Task instructions: The lines below starting at the line containing "[set inord 0; inord 1; inord 3];" and ending at the line containing "(* A block on" are to be repeated exactly, with both ends kept and nothing else added.

══ Material to process ══

Lemma dG_sub_iso_image (Vs : {set mV Y}) (Es : {set mE Y}) :
  (dG (sub_mdm Vs Es) (sub_mdm (f @: Vs) (g @: Es)) <= (iso_dist g)%:E)%E.
Proof.
have memV x : x \in f @: Vs -> f' x \in Vs by case/imsetP=> y yVs ->; rewrite fK.
have memE e : e \in g @: Es -> g' e \in Es by case/imsetP=> d dEs ->; rewrite gK.
have gs_mem (e : subE Vs Es) : [&& g (val e) \in g @: Es,
    mtail X (g (val e)) \in f @: Vs & mhead X (g (val e)) \in f @: Vs].
  by case/and3P: (valP e) => *; rewrite (fg_hom _).1 (fg_hom _).2 !imset_f.
have gs'_mem (e : subE (f @: Vs) (g @: Es)) : [&& g' (val e) \in Es,
    mtail Y (g' (val e)) \in Vs & mhead Y (g' (val e)) \in Vs].
  case/and3P: (valP e) => *.
  by rewrite (graph_hom_inv _).1 (graph_hom_inv _).2 !memV ?memE.
pose fs (v : subV Vs) : subV (f @: Vs) := exist _ (f (val v)) (imset_f f (valP v)).
pose fs' (v : subV (f @: Vs)) : subV Vs := exist _ (f' (val v)) (memV _ (valP v)).
pose gs (e : subE Vs Es) : subE (f @: Vs) (g @: Es) := exist _ (g (val e)) (gs_mem e).
pose gs' (e : subE (f @: Vs) (g @: Es)) : subE Vs Es := exist _ (g' (val e)) (gs'_mem e).
apply: (@le_trans _ _ (@iso_dist _ (sub_mdm Vs Es) (sub_mdm (f @: Vs) (g @: Es)) gs)%:E).
  apply: ereal_inf_lbound; exists fs, gs; split=> //; split.
    by exists fs' => v; apply: val_inj; rewrite /= ?fK ?f'K.
  split; first by exists gs' => e; apply: val_inj; rewrite /= ?gK ?g'K.
  by move=> e; split; apply: val_inj; rewrite /= ?(fg_hom _).1 ?(fg_hom _).2.
rewrite lee_fin; apply: bigmax_le => [|e _]; first exact: iso_dist_ge0.
exact: (iso_dist_le g (val e)).
Qed.

End GraphIso.

Definition scc_separated (R : realType) (X : mdm R) (delta : R) : Prop :=
  forall p q : {set mV X} * {set mE X}, is_scc p.1 p.2 -> is_scc q.1 q.2 ->
    p <> q -> delta <= `|comp_length p - comp_length q|.

Lemma scc_separated_exists (R : realType) (X : mdm R) (s : seq ({set mV X} * {set mE X})) :
  scc_list s ->
  (forall p q : {set mV X} * {set mE X}, is_scc p.1 p.2 -> is_scc q.1 q.2 ->
     p <> q -> comp_length p <> comp_length q) ->
  exists2 delta : R, 0 < delta & scc_separated X delta.
Proof.
case=> _ s_scc _ distinct.
pose P pq := [&& pq.1 \in s, pq.2 \in s & pq.1 != pq.2].
exists (\big[Num.min/1]_(pq | P pq) `|comp_length pq.1 - comp_length pq.2|).
  apply: lt_bigmin => // pq /and3P[p_s q_s /eqP neq].
  by rewrite normr_gt0 subr_eq0; apply/eqP/distinct; rewrite -?s_scc.
move=> p q p_scc q_scc /eqP neq; apply: (bigmin_le_cond _ (j := (p, q))).
by rewrite /P /= !(s_scc _).2.
Qed.

Section Matching.
Variables (R : realType) (Y X : mdm R) (f : mV Y -> mV X) (g : mE Y -> mE X)
  (f' : mV X -> mV Y) (g' : mE X -> mE Y).
Hypotheses (fK : cancel f f') (f'K : cancel f' f)
  (gK : cancel g g') (g'K : cancel g' g) (fg_hom : graph_hom f g).
Variable delta : R.
Hypotheses (sepX : scc_separated X delta)
  (close : 2 * (#|mE Y|%:R * iso_dist g) < delta).

Let longer (Z : mdm R) (p q : {set mV Z} * {set mE Z}) :=
  comp_length q <= comp_length p.

Lemma sorted_map_iso_image t :
  scc_list t -> sorted (@longer X) (map (iso_image f g) t).
Proof.
case=> _ t_scc t_sorted; rewrite sorted_map.
apply: sub_in_sorted (allss t) t_sorted => a b a_t b_t /= ab; rewrite /longer.
case: (eqVneq (iso_image f g a) (iso_image f g b)) => [-> //|/eqP neq].
have image_scc p : p \in t -> is_scc (iso_image f g p).1 (iso_image f g p).2.
  by move=> /(t_scc p).1; apply: is_scc_iso_image.
have := sepX (image_scc a a_t) (image_scc b b_t) neq.
have := comp_length_iso_image fK gK g'K fg_hom a.
have := comp_length_iso_image fK gK g'K fg_hom b.
move: close ab; set K := _ * iso_dist g.
by rewrite ler_normr !ler_norml => ? ? /andP[? ?] /andP[? ?] /orP[] ?; lra.
Qed.

Lemma map_iso_image s t : scc_list s -> scc_list t -> map (iso_image f g) t = s.
Proof.
case=> s_uniq s_scc s_sorted t_list; have [t_uniq t_scc _] := t_list.
have mem_image : map (iso_image f g) t =i s.
  move=> p; apply/mapP/idP => [[a a_t ->]|p_s].
    exact/(s_scc _).2/(is_scc_iso_image fK f'K gK g'K fg_hom)/(t_scc _).1.
  exists (f' @: p.1, g' @: p.2); last by rewrite /iso_image /= !imsetK; case: p {p_s}.
  apply/(t_scc _).2/(is_scc_iso_image f'K fK g'K gK (graph_hom_inv fK g'K fg_hom)).
  exact/(s_scc _).1.
have uniq_image : uniq (map (iso_image f g) t).
  rewrite map_inj_uniq // => -[a b] [c d] [].
  by move=> /(imset_inj (can_inj fK)) -> /(imset_inj (can_inj gK)) ->.
have delta_gt0 : 0 < delta.
  by apply: le_lt_trans close; rewrite !mulr_ge0 ?iso_dist_ge0.
apply: (sorted_eq_in (leT := @longer X)) (sorted_map_iso_image t_list) s_sorted _.
- by move=> y x z _ _ _ xy yz; apply: le_trans yz xy.
- move=> p q; rewrite !mem_image => p_s q_s pq_same.
  case: (eqVneq p q) => [//|/eqP neq].
  have := sepX ((s_scc p).1 p_s) ((s_scc q).1 q_s) neq.
  by rewrite (le_anti pq_same) subrr normr0 leNgt delta_gt0.
exact: uniq_perm.
Qed.

End Matching.

Lemma scc_lists_iso (R : realType) (Y X : mdm R) (f : mV Y -> mV X) (g : mE Y -> mE X)
    (delta : R) (s : seq ({set mV X} * {set mE X})) (t : seq ({set mV Y} * {set mE Y})) :
  scc_separated X delta -> scc_list s -> scc_list t -> graph_iso f g ->
  2 * (#|mE X|%:R * iso_dist g) < delta ->
  size t = size s /\ forall i, (i < size s)%N ->
    (dG (nth (empty_mdm R) (scc_mdms t) i) (nth (empty_mdm R) (scc_mdms s) i)
      <= (iso_dist g)%:E)%E.
Proof.
move=> sepX s_list t_list [[f' fK f'K] [[g' gK g'K] fg_hom]] close.
rewrite -(bij_eq_card (Bijective gK g'K)) in close.
rewrite -(map_iso_image fK f'K gK g'K fg_hom sepX close s_list t_list) size_map.
split=> // i i_lt; rewrite /scc_mdms -map_comp.
rewrite !(nth_map ((finset.set0, finset.set0) : {set mV Y} * {set mE Y})) //.
exact: dG_sub_iso_image.
Qed.

Lemma dG_ge0 (R : realType) (Y X : mdm R) : (0 <= dG Y X)%E.
Proof. by apply/ereal_infP => _ [f [g [_ ->]]]; rewrite lee_fin iso_dist_ge0. Qed.

Lemma scc_lists_dG (R : realType) (Y X : mdm R) (delta : R)
    (s : seq ({set mV X} * {set mE X})) (t : seq ({set mV Y} * {set mE Y})) :
  0 < delta -> scc_separated X delta -> scc_list s -> scc_list t ->
  (dG Y X < (delta / (2 * (#|mE X|%:R + 1)))%:E)%E ->
  size t = size s /\ forall i, (i < size s)%N ->
    (dG (nth (empty_mdm R) (scc_mdms t) i) (nth (empty_mdm R) (scc_mdms s) i)
      <= dG Y X)%E.
Proof.
move=> delta_gt0 sepX s_list t_list; set eps := delta / _ => /ereal_inf_lt.
have close (g : mE Y -> mE X) :
    iso_dist g < eps -> 2 * (#|mE X|%:R * iso_dist g) < delta.
  have := iso_dist_ge0 g; have : (0 <= #|mE X|%:R :> R) by [].
  by rewrite /eps ltr_pdivlMr ?mulr_gt0 ?ltr_wpDl //; nra.
case=> _ [f0 [g0 [iso0 ->]]]; rewrite lte_fin => g0_lt.
have [size_eq dG_le0] := scc_lists_iso sepX s_list t_list iso0 (close _ g0_lt).
split=> // i i_lt; apply/ereal_infP => _ [f [g [iso ->]]].
have [/close close_g|ge_eps] := ltP (iso_dist g) eps.
  exact: (scc_lists_iso sepX s_list t_list iso close_g).2.
apply: le_trans (dG_le0 i i_lt) _.
by rewrite lee_fin ltW // (lt_le_trans g0_lt).
Qed.
(* There exists a $CS(3,K_4^{(3)}+e,gn+2)$ of type $(g^n:2)$ for each $(g,n)\in\{(5,3),(5,5),(10,2)\}$.
   Context: $K_4^{(3)}+e$ denotes the 3-uniform hypergraph with vertex set $\{1,2,3,4,5\}$ and edge set $\{\{1,2,3\},\{1,2,4\},\{1,3,4\},\{2,3,4\},\{3,4,5\}\}$. A $CS(3,K_4^{(3)}+e,gn+s)$ of type $(g^n:s)$ is a quadruple $(X,S,\mathcal{T},\mathcal{A})$ where $|X|=gn+s$, $S\subseteq X$ with $|S|=s$ (the stem), $\mathcal{T}=\{G_1,\dots,G_n\}$ is a partition of $X\setminus S$ into $n$ groups of size $g$, and $\mathcal{A}$ is a collection of hypergraphs on subsets of $X$ (blocks), each isomorphic to $K_4^{(3)}+e$, such that every 3-subset $T\subseteq X$ with $|T\cap(S\cup G_i)|<3$ for all $i$ is an edge of exactly one block, and no 3-subset of any $S\cup G_i$ is an edge of any block. Here $s=2$. *)

From mathcomp Require Import all_boot.
Set Implicit Arguments. Unset Strict Implicit. Unset Printing Implicit Defensive.

(* Edges of K_4^(3)+e on vertex set {0,..,4} (paper's {1,..,5} shifted by 1):
   {1,2,3},{1,2,4},{1,3,4},{2,3,4},{3,4,5}. *)
Definition K4e_edges : seq {set 'I_5} :=
  [:: [set inord 0; inord 1; inord 2];
      [set inord 0; inord 1; inord 3];
      [set inord 0; inord 2; inord 3];
      [set inord 1; inord 2; inord 3];
      [set inord 2; inord 3; inord 4]].

(* A block on X is a hypergraph given by its edge set (a set of 3-subsets of X);
   it is a copy of K_4^(3)+e if it is the image of K4e_edges under an injective
   vertex map 'I_5 -> X. (K_4^(3)+e has no isolated vertex, so the vertex set
   of the block is the image of the map.) *)
Definition is_K4e_copy (X : finType) (B : {set {set X}}) : Prop :=
  exists f : 'I_5 -> X, injective f /\
    B = [set f @: e | e : {set 'I_5} in K4e_edges].

Definition is_CS_K4e (X : finType) (g n s : nat) (S : {set X})
    (T : {set {set X}}) (A : {set {set {set X}}}) : Prop :=
  [/\ #|X| = g * n + s /\ #|S| = s,
      [/\ partition T (~: S), #|T| = n & (forall G, G \in T -> #|G| = g)],
      (forall B, B \in A -> is_K4e_copy B),
      (forall E : {set X}, #|E| = 3 ->
         (forall G, G \in T -> #|E :&: (S :|: G)| < 3) ->
         #|[set B in A | E \in B]| = 1)
    & (forall G (E : {set X}) B, G \in T -> #|E| = 3 -> E \subset S :|: G ->
         B \in A -> E \notin B)].

Definition CS_K4e_exists (g n s : nat) : Prop :=
  exists (S : {set 'I_(g * n + s)}) T A, @is_CS_K4e _ g n s S T A.

From mathcomp Require Import all_boot zify.
Set Implicit Arguments.
Unset Strict Implicit.
Unset Printing Implicit Defensive.

(* With the points laid out as consecutive groups [j g, (j+1) g) followed by the stem,
   the stem and group axioms hold for all g, n, s. A block is given by the images of the
   five vertices of K_4^(3)+e, so its edges are sorted triples of naturals; the two
   remaining axioms (every edge meets each S ∪ G_i in fewer than three points, and every
   such triple is an edge of exactly one block) are then finite checks on triples,
   decided by computation for the three explicit designs. *)

Lemma card_ord_interval N a b : b <= N -> #|[set i : 'I_N | a <= i < b]| = b - a.
Proof.
move=> lebN; rewrite -sum1_card (eq_bigl (fun i : 'I_N => a <= i < b)) => [|i].
  rewrite -(big_mkord (fun i => a <= i < b) (fun=> 1)) -[b - a]muln1.
  rewrite -sum_nat_const_nat (big_nat_widen _ _ _ _ _ lebN) (big_nat_widenl a 0) //.
  by apply: eq_bigl => i; rewrite andbC.
by rewrite inE.
Qed.

Section StemAndGroups.

Variables (g n N : nat).
Hypotheses (g_gt0 : 0 < g) (gn_leN : g * n <= N).

Definition stem : {set 'I_N} := [set i : 'I_N | g * n <= i].
Definition group (j : nat) : {set 'I_N} := [set i : 'I_N | j * g <= i < j * g + g].
Definition groups : {set {set 'I_N}} := [set group j | j : 'I_n].

Lemma card_stem : #|stem| = N - g * n.
Proof.
rewrite -(card_ord_interval (g * n) (leqnn N)).
by apply: eq_card => i; rewrite !inE ltn_ord andbT.
Qed.

Lemma mem_group_divn (i : 'I_N) j : (i \in group j) = (i %/ g == j).
Proof.
by rewrite inE eqn_leq andbC -[_ <= j]ltnS ltn_divLR // leq_divRL // mulSn addnC.
Qed.

Lemma group_bound j : j < n -> j * g + g <= N.
Proof.
by move=> ltjn; apply: leq_trans gn_leN; rewrite addnC -mulSn [g * n]mulnC leq_mul2r ltjn orbT.
Qed.

Lemma card_group j : j < n -> #|group j| = g.
Proof. by move=> ltjn; rewrite card_ord_interval ?group_bound // addKn. Qed.

Lemma group_nonempty (j : 'I_n) : exists i : 'I_N, i \in group j.
Proof.
have ltjgN : j * g < N by have := group_bound (ltn_ord j); lia.
by exists (Ordinal ltjgN); rewrite inE /=; lia.
Qed.

Lemma group_inj : injective (fun j : 'I_n => group j).
Proof.
move=> j k eq_jk; have [i ij] := group_nonempty j.
have ik : i \in group k by rewrite -eq_jk.
by apply: ord_inj; move: ij ik; rewrite !mem_group_divn => /eqP <- /eqP.
Qed.

Lemma card_groups : #|groups| = n.
Proof. by rewrite card_imset ?card_ord //; exact: group_inj. Qed.

Lemma partition_groups : partition groups (~: stem).
Proof.
apply/and3P; split.
- apply/eqP/setP => i; rewrite /cover in_setC inE -ltnNge.
  apply/bigcupP/idP => [[_ /imsetP [j _ ->]] | lt_i_gn].
    by rewrite mem_group_divn => /eqP ij; rewrite mulnC -ltn_divLR // ij.
  have lt_ig_n : i %/ g < n by rewrite ltn_divLR // mulnC.
  by exists (group (Ordinal lt_ig_n)); [exact: imset_f | rewrite mem_group_divn].
- apply/trivIsetP => _ _ /imsetP [j _ ->] /imsetP [k _ ->] neq_jk.
  rewrite -setI_eq0; apply/eqP/setP => i; rewrite inE in_set0 !mem_group_divn.
  apply/negP => /andP [/eqP ij /eqP ik]; move/eqP: neq_jk; apply.
  by congr group; rewrite -ij.
- by apply/imsetP => -[j _ j0]; have [i] := group_nonempty j; rewrite -j0 inE.
Qed.

End StemAndGroups.

Definition in_stem_or_group g n j x := (g * n <= x) || (j * g <= x < j * g + g).

Definition allowed_triple g n (t : seq nat) :=
  ~~ has (fun j => all (in_stem_or_group g n j) t) (iota 0 n).

Section SetVals.

Variable N : nat.

Definition set_vals (E : {set 'I_N}) : seq nat := map val (enum E).

Lemma set_vals_sorted (E : {set 'I_N}) : sorted ltn (set_vals E).
Proof.
rewrite /set_vals -[enum _](eq_filter (mem_enum _)) -(eq_filter (mem_map val_inj _)).
by rewrite -filter_map (sorted_filter ltn_trans) // unlock val_ord_enum iota_ltn_sorted.
Qed.

Lemma all_set_vals (P : pred nat) (E : {set 'I_N}) :
  all P (set_vals E) = (E \subset [set i : 'I_N | P i]).
Proof.
rewrite all_map; apply/allP/subsetP => [allE i iE | subE i].
  by rewrite inE; apply: allE; rewrite mem_enum.
by rewrite mem_enum => /subE; rewrite inE.
Qed.

Lemma allowed_set_valsP g n (E : {set 'I_N}) :
  reflect (forall j : 'I_n, ~~ (E \subset stem g n N :|: group g N j))
          (allowed_triple g n (set_vals E)).
Proof.
have stemU_group j : stem g n N :|: group g N j = [set i : 'I_N | in_stem_or_group g n j i].
  by apply/setP => i; rewrite !inE.
apply: (iffP hasPn) => [allowedE j | allowedE j].
  by rewrite stemU_group -all_set_vals (allowedE j) // mem_iota add0n ltn_ord.
rewrite mem_iota add0n => ltjn.
by have := allowedE (Ordinal ltjn); rewrite stemU_group -all_set_vals.
Qed.

Lemma set_vals_card3 (E : {set 'I_N}) : #|E| = 3 ->
  exists x y z, [/\ x < y < z, z < N & set_vals E = [:: x; y; z]].
Proof.
move=> E3; have := set_vals_sorted E; have : size (set_vals E) = 3 by rewrite size_map -cardE.
have ltN i : i \in set_vals E -> i < N by case/mapP => k _ ->; exact: ltn_ord.
case: (set_vals E) ltN => [|x [|y [|z []]]] // ltN _ /and3P [ltxy ltyz _].
exists x, y, z; split => //; first exact/andP.
by apply: ltN; rewrite !inE eqxx !orbT.
Qed.

End SetVals.

Lemma imset_set_seq (aT rT : finType) (f : aT -> rT) (s : seq aT) :
  f @: [set:: s] = [set:: map f s].
Proof.
apply/setP => y; rewrite inE; apply/imsetP/mapP => -[x xs ->]; exists x => //.
  by rewrite inE in xs.
by rewrite inE.
Qed.

Lemma eq_set_seq_sort N (s1 s2 : seq 'I_N) : uniq s1 -> uniq s2 ->
  ([set:: s1] == [set:: s2]) = (sort leq (map val s1) == sort leq (map val s2)).
Proof.
move=> uniq_s1 uniq_s2; apply/eqP/eqP => [eq_s12 | /perm_sortP eq_s12].
  apply/perm_sortP; [exact: leq_total | exact: leq_trans | exact: anti_leq |].
  apply/perm_map/uniq_perm => // i.
  by have := congr1 (fun A : {set 'I_N} => i \in A) eq_s12; rewrite !inE.
have /(perm_map_inj val_inj) /perm_mem mem_s12 := eq_s12 leq_total leq_trans anti_leq.
by apply/setP => i; rewrite !inE mem_s12.
Qed.

Definition K4e_pattern : seq (seq nat) :=
  [:: [:: 0; 1; 2]; [:: 0; 1; 3]; [:: 0; 2; 3]; [:: 1; 2; 3]; [:: 2; 3; 4]].

Lemma K4e_edgesE : K4e_edges = [seq [set:: map inord t] | t <- K4e_pattern].
Proof. by congr [:: _; _; _; _; _]; apply/setP => i; rewrite !inE orbA ?orbF. Qed.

═══

Task answer:
      [set inord 0; inord 1; inord 3];
      [set inord 0; inord 2; inord 3];
      [set inord 1; inord 2; inord 3];
      [set inord 2; inord 3; inord 4]].

(* A block on X is a hypergraph given by its edge set (a set of 3-subsets of X);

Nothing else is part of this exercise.